Work item: Within the entries below, the lines from the one with "have u_lt_m : u" through the one with "by rewrite -Nu in_setD l'B" are to be set down exactly, both ends kept.

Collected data
┄┄┄┄┄┄┄┄┄┄

Lemma path_fort_ord0 F : fort adj F -> ord0 \in F.
Proof.
move=> fortF; rewrite -(nat_memE F ord0) /=.
apply: contraNT (path_fort_no_double_gap fortF (leq0n m)) => gap0.
by rewrite /double_gap gap0 -(path_fort_gap fortF (leq0n m) gap0).
Qed.

Lemma path_fort_ord_max F : fort adj F -> ord_max \in F.
Proof.
move=> fortF; have [m0|m_gt0] := posnP m.
  by rewrite (_ : ord_max = ord0) ?path_fort_ord0 //; apply: val_inj; rewrite /= m0.
rewrite -(nat_memE F ord_max) /=.
apply: contraNT (path_fort_no_double_gap fortF (leq_pred m)) => gapm.
have := path_fort_gap fortF (leqnn m) gapm.
rewrite (nat_mem_gt F (ltnSn m)) m_gt0 /= => lo.
by rewrite /double_gap lo prednK.
Qed.

Lemma path_fort_adj F x y : fort adj F -> adj x y -> (x \in F) || (y \in F).
Proof.
move=> fortF; have cover (u w : V) : u.+1 = w :> nat -> (u \in F) || (w \in F).
  move=> uw; move: (path_fort_no_double_gap fortF (ltn_ord u)).
  by rewrite /double_gap negb_and !negbK uw !nat_memE.
by case/orP => /eqP /cover //; rewrite orbC.
Qed.

(* The first force comes from an end vertex or from a vertex one of whose two
   neighbours is already blue. *)
Lemma path_zero_forcing_seed B : zero_forcing adj B ->
  exists2 x, x \in B &
    [\/ x = ord0, x = ord_max | exists2 y, y \in B & y = x.+1 :> nat].
Proof.
case/zf_reach_first_force => [BT | [u uB [w Nu]]].
  by exists ord0; [rewrite -BT inE | apply: Or31].
have [u0|u_gt0] := posnP u; first by exists u => //; apply/Or31/val_inj.
have [umax|u'max] := eqVneq u ord_max; first by exists u => //; apply: Or32.
have u_lt_m : u < m by move: (ltn_ord u) u'max; rewrite -val_eqE /=; lia.
have [lB|l'B] := boolP (inord u.-1 \in B).
  by exists (inord u.-1) => //; apply: Or33; exists u => //; rewrite inordK; lia.
have [rB|r'B] := boolP (inord u.+1 \in B).
  by exists u => //; apply: Or33; exists (inord u.+1); rewrite ?inordK.
have /set1P l_w : inord u.-1 \in [set w].
  by rewrite -Nu in_setD l'B path_nbhdE inordK; lia.
have /set1P r_w : inord u.+1 \in [set w].
  by rewrite -Nu in_setD r'B path_nbhdE inordK; lia.
by move: (congr1 val (etrans l_w (esym r_w))); rewrite /= !inordK; lia.
Qed.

┄┄┄┄┄┄┄┄┄┄

Your solution:
have u_lt_m : u < m by move: (ltn_ord u) u'max; rewrite -val_eqE /=; lia.
have [lB|l'B] := boolP (inord u.-1 \in B).
  by exists (inord u.-1) => //; apply: Or33; exists u => //; rewrite inordK; lia.
have [rB|r'B] := boolP (inord u.+1 \in B).
  by exists u => //; apply: Or33; exists (inord u.+1); rewrite ?inordK.
have /set1P l_w : inord u.-1 \in [set w].
  by rewrite -Nu in_setD l'B path_nbhdE inordK; lia.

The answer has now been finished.